- Born: 5 March 1879 Watertown, Wisconsin
- Died: 30 January 1970 (aged 90) Freehold Township, New Jersey
- Education: Marion College University of Illinois College of Physicians & Surgeons
- Scientific career
- Fields: Medicine, botany
- Workplaces: Salem College
- Author abbrev. (botany): Schallert

= Paul Otto Schallert =

American botanist (1879–1970)

Paul Otto Schallert (5 March 1879 30 January 1970) was an American physician and botanist active in North Carolina.

==Early life and career==
Schallert was born in Watertown, Wisconsin on 5 March 1879. He grew up on a farm, and later worked as a carpenter to afford college tuition. He attained two undergraduate degrees from Marion College, and in 1904 earned dual M.S. and M.D. degrees from the University of Illinois College of Physicians & Surgeons.

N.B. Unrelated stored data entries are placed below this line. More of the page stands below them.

Lemma double_comm_scalar (X : 'M[F]_N) (c : F) : double_comm X c%:M = 0.
Proof. by rewrite /double_comm scalar_mxC subrr mulmx0 mul0mx subrr. Qed.

End DoubleCommutator.

Section ChangeOfBasis.
Variables (F : comPzRingType) (N : nat) (P Q : 'M[F]_N).
Hypothesis PQ : P *m Q = 1%:M.

Definition basechange (M : 'M[F]_N) : 'M[F]_N := Q *m M *m P.

Lemma basechangeM M M' : basechange M *m basechange M' = basechange (M *m M').
Proof. by rewrite /basechange !mulmxA -[Q *m M *m P *m Q]mulmxA PQ mulmx1. Qed.

Lemma basechangeB M M' : basechange (M - M') = basechange M - basechange M'.
Proof. by rewrite /basechange mulmxBr mulmxBl. Qed.

Lemma basechange_double_comm M M' :
  double_comm (basechange M) (basechange M') = basechange (double_comm M M').
Proof. by rewrite /double_comm !basechangeM -!basechangeB !basechangeM -basechangeB. Qed.

Lemma mxtrace_basechange M : \tr (basechange M) = \tr M.
Proof. by rewrite /basechange mxtrace_mulC mulmxA PQ mul1mx. Qed.

Lemma basechangeK M : basechange (P *m M *m Q) = M.
Proof.
have QP := mulmx1C PQ.
by rewrite /basechange !mulmxA QP mul1mx -mulmxA QP mulmx1.
Qed.

Lemma basechange_diagE (v : 'I_N -> F) i j :
  basechange (diag_mx (\row_l v l)) i j = \sum_l Q i l * v l * P l j.
Proof. by rewrite /basechange mxE; apply: eq_bigr => l _; rewrite mul_mx_diag !mxE. Qed.

Lemma basechange_diagM (v w : 'I_N -> F) :
  basechange (diag_mx (\row_l v l)) *m basechange (diag_mx (\row_l w l)) =
  basechange (diag_mx (\row_l (v l * w l))).
Proof.
rewrite basechangeM mulmx_diag; congr (basechange (diag_mx _)).
by apply/rowP => l; rewrite !mxE.
Qed.

End ChangeOfBasis.

Notation K := (complex R).
Notation cRe := (@complex.Re R).
Notation cIm := (@complex.Im R).

Definition toC (z : Cplx) : K := Complex (re z) (im z).
Definition toM (n : nat) (A : Mat) : 'M[K]_n := \matrix_(i, j) toC (A i j).
Definition rC (x : R) : K := Complex x 0.

Lemma toC_inj z w : toC z = toC w -> z = w.
Proof. by case: z w => [a b] [c d] [/= -> ->]. Qed.

Lemma toC_csum n f : toC (csum n f) = \sum_(i < n) toC (f i).
Proof. by elim: n => [|n IH] /=; rewrite ?big_ord0 // big_ord_recr -IH. Qed.

Lemma Nat_eqbE (a b : nat) : Nat.eqb a b = (a == b).
Proof. by case: (Nat.eqb_spec a b) => [->|/eqP/negbTE ->]; rewrite ?eqxx. Qed.

Lemma toM_mul n A B : toM n (mmul n A B) = toM n A *m toM n B.
Proof. by apply/matrixP => i j; rewrite !mxE toC_csum; apply: eq_bigr => k _; rewrite !mxE. Qed.

Lemma toM_add n A B : toM n (madd A B) = toM n A + toM n B.
Proof. by apply/matrixP => i j; rewrite !mxE. Qed.

Lemma toM_opp n A : toM n (mopp A) = - toM n A.
Proof. by apply/matrixP => i j; rewrite !mxE. Qed.

Lemma toM_scal n c A : toM n (mscal c A) = toC c *: toM n A.
Proof. by apply/matrixP => i j; rewrite !mxE. Qed.

Lemma toM_mid n : toM n mid = 1%:M.
Proof.
apply/matrixP => i j; rewrite !mxE /mid Nat_eqbE.
by rewrite (_ : (nat_of_ord i == j) = (i == j)) //; case: (i == j).
Qed.

Lemma toM_comm n A B : toM n (Defs.comm n A B) = toM n A *m toM n B - toM n B *m toM n A.
Proof. by rewrite /Defs.comm /msub toM_add toM_opp !toM_mul. Qed.

Lemma toM_laplacian n x y a :
  toM n (laplacian n x y a) = double_comm (toM n y) (toM n a) + double_comm (toM n x) (toM n a).
Proof.
rewrite /laplacian /delta1 /delta2 toM_add !toM_opp !toM_comm !toM_opp !toM_comm.
by rewrite /double_comm mulmxN mulNmx opprK opprD opprK addrC.
Qed.

Lemma toM_pow n A k : toM n.+1 (mpow n.+1 A k) = toM n.+1 A ^+ k.
Proof. by elim: k => [|k IH] /=; rewrite ?toM_mid // toM_mul IH exprS mulmxE. Qed.

Lemma toM_mexp_partial n A N :
  toM n.+1 (mexp_partial n.+1 A N) =
  \sum_(k < N.+1) rC (/ INR (fact k)) *: toM n.+1 A ^+ k.
Proof.
elim: N => [|N IH]; first by rewrite /= big_ord1 toM_mid expr0 /= Rinv_1 scale1r.
change (mexp_partial n.+1 A N.+1) with
  (madd (mexp_partial n.+1 A N) (mscal (mkC (/ INR (fact N.+1)) 0) (mpow n.+1 A N.+1))).
by rewrite toM_add IH toM_scal toM_pow [in RHS]big_ord_recr.
Qed.

Lemma ord_ltP (n : nat) (i : 'I_n) : (nat_of_ord i < n)%coq_nat.
Proof. by apply/ssrnat.ltP; exact: ltn_ord. Qed.

Lemma toM_meq n A B : meq n A B <-> toM n A = toM n B.
Proof.
split=> [h | /matrixP h i j /ssrnat.ltP hi /ssrnat.ltP hj].
  by apply/matrixP => i j; rewrite !mxE h //; exact: ord_ltP.
by have := h (Ordinal hi) (Ordinal hj); rewrite !mxE; exact: toC_inj.
Qed.

Lemma toM_hermitian (n : nat) (A : Mat) : Defs.hermitian n A -> (toM n A)^t* = toM n A.
Proof.
by move=> /toM_meq {2}->; apply/matrixP => i j; rewrite !mxE.
Qed.

Lemma toC_trace n A : toC (trace n A) = \tr (toM n A).
Proof. by rewrite /trace toC_csum; apply: eq_bigr => i _; rewrite mxE. Qed.

Definition cv_cplx (s : nat -> K) (L : K) :=
  Un_cv (fun N => cRe (s N)) (cRe L) /\ Un_cv (fun N => cIm (s N)) (cIm L).

Lemma Un_cv_const (c : R) : Un_cv (fun _ => c) c.
Proof. by move=> eps he; exists 0%N => k _; rewrite /R_dist Rminus_diag Rabs_R0. Qed.

Lemma cv_cplx_ext s t L : cv_cplx s L -> (forall N, s N = t N) -> cv_cplx t L.
Proof.
by move=> [h1 h2] e; split; [apply: (Un_cv_ext _ _ _ _ h1) | apply: (Un_cv_ext _ _ _ _ h2)];
  move=> N /=; rewrite e.
Qed.

Lemma cv_cplx_unique s L1 L2 : cv_cplx s L1 -> cv_cplx s L2 -> L1 = L2.
Proof.
case: L1 L2 => [a b] [c d] [h1 h2] [h3 h4].
by rewrite /= in h1 h2 h3 h4; rewrite (UL_sequence _ _ _ h1 h3) (UL_sequence _ _ _ h2 h4).
Qed.

Lemma cv_cplx_const c : cv_cplx (fun _ => c) c.
Proof. by split; apply: Un_cv_const. Qed.

Lemma cv_cplx_add s t L M :
  cv_cplx s L -> cv_cplx t M -> cv_cplx (fun N => s N + t N) (L + M).
Proof.
move: L M => [a b] [c d] [h1 h2] [h3 h4]; split.
- apply: (Un_cv_ext _ _ _ _ (CV_plus _ _ _ _ h1 h3)) => N; by case: (s N) (t N) => [? ?] [? ?].
- apply: (Un_cv_ext _ _ _ _ (CV_plus _ _ _ _ h2 h4)) => N; by case: (s N) (t N) => [? ?] [? ?].
Qed.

After graduation, he practiced medicine in Wisconsin before relocating to Winston-Salem, North Carolina in 1910.

While working as a physician and surgeon in North Carolina, Schallert took up botany. He became a prolific plant collector, and taught the subject at Salem College. In 1943, he served the Army Medical Corps in Seattle, Washington. After the war, he moved to Altamonte Springs, Florida.

==Political activism==
Schallert was an avid socialist. He was a member of the North Carolina State Executive Committee of the Socialist Party and of the Winston-Salem City Committee of the Socialist Party. He was an advocate for the style of medical care provided in the Soviet Union.

In 1935, Schallert visited the Soviet Union as a representative of the Socialist Party of North Carolina. Following his visit, he published a series of essays titled, "Russia: Yesterday, Today, and Tomorrow".

==Personal life and death==
Schallert married his wife, Flora Grace Jackson, on 16 May 1904. They had four children. One of their children, the chemist Paul O. Schallert, Jr., also collected plant specimens.

Schallert died at the age of 90 on 30 January 1970 while living in Freehold Township, New Jersey.

==Legacy==
The herbarium of the University of North Carolina at Chapel Hill houses several hundreds of specimens collected by Schallert. Throughout his lifetime, his personal collected reached 50,000 specimens. The Fort Worth Botanic Garden has archived the Paul O. Schallert Papers, a collection of correspondences between Schallert and other botanists such as Otto Degener.